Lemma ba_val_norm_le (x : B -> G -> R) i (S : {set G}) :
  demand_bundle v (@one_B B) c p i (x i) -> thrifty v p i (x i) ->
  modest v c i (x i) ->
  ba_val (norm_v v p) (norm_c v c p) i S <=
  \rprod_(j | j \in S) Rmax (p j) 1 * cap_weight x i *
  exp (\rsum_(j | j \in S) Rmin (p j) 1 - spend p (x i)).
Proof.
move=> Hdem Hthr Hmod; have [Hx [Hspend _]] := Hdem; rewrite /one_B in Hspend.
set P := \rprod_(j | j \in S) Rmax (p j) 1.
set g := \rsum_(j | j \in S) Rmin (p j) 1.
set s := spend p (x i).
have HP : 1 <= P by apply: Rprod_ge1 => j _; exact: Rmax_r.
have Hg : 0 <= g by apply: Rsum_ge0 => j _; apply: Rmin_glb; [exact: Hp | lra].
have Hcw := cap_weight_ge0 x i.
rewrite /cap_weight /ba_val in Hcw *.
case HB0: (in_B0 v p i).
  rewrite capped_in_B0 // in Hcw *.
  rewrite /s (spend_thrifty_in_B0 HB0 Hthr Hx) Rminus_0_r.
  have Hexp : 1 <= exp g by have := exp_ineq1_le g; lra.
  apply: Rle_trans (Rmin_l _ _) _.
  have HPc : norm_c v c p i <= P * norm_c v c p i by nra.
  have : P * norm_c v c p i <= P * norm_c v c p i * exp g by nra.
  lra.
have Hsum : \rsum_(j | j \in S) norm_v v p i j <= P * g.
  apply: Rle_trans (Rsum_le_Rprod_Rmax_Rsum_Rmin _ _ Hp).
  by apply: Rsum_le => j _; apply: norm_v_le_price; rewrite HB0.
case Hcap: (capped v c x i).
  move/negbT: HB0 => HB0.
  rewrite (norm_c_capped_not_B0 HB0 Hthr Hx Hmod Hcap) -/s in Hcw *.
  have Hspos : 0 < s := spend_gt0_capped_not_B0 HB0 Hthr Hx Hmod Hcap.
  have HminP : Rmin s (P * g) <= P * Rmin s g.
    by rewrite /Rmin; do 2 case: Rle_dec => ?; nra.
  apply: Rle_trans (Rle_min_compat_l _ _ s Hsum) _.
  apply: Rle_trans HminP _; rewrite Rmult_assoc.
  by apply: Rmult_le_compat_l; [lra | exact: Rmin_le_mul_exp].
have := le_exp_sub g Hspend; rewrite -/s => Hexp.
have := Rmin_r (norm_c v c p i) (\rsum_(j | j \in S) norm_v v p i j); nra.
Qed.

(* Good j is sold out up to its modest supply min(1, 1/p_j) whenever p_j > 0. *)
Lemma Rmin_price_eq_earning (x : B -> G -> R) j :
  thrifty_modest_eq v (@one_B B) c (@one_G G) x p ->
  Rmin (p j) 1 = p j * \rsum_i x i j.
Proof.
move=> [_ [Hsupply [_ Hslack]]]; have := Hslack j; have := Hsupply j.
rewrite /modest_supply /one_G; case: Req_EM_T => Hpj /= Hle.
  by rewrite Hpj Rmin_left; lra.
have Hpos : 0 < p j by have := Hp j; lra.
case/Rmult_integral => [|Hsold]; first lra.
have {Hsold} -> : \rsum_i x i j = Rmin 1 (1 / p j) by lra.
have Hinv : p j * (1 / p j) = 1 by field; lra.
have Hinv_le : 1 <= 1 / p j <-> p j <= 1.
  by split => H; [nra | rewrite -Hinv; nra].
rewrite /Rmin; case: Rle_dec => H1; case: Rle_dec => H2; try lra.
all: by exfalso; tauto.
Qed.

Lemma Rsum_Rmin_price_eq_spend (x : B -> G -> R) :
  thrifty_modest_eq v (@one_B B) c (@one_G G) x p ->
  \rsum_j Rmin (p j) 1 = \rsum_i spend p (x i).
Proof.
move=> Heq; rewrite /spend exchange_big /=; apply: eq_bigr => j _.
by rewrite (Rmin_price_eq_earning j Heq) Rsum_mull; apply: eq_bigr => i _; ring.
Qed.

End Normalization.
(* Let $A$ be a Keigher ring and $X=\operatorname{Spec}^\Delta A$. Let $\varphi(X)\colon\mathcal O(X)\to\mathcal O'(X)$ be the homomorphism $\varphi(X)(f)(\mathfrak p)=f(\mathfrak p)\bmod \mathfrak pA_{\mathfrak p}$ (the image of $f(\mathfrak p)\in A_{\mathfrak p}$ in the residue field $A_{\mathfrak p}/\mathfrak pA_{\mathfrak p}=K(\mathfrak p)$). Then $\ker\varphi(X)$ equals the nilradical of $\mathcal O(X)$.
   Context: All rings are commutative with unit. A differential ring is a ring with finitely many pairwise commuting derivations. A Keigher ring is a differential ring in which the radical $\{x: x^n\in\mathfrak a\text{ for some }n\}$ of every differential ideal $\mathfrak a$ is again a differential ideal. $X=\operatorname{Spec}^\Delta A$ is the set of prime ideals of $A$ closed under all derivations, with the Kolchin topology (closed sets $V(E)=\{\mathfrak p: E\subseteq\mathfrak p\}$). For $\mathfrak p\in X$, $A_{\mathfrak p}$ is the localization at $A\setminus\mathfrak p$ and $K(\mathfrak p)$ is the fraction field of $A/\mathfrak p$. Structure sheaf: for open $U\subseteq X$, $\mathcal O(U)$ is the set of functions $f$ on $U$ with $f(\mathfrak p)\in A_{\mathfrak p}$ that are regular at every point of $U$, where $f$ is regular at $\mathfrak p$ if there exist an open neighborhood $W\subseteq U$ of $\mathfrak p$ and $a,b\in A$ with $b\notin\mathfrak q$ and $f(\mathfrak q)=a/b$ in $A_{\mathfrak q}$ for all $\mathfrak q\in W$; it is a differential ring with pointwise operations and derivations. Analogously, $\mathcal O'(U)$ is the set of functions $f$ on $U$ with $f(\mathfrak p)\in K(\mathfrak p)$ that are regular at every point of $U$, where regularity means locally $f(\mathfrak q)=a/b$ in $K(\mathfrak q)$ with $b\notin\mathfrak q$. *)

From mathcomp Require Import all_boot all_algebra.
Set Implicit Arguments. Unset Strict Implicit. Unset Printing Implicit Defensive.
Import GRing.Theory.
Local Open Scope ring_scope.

◆ Task description
Wherever the string "Hcap" occurs in the records, copy the line it is in.

◆ Task answer
case Hcap: (capped v c x i).
  rewrite (norm_c_capped_not_B0 HB0 Hthr Hx Hmod Hcap) -/s in Hcw *.
  have Hspos : 0 < s := spend_gt0_capped_not_B0 HB0 Hthr Hx Hmod Hcap.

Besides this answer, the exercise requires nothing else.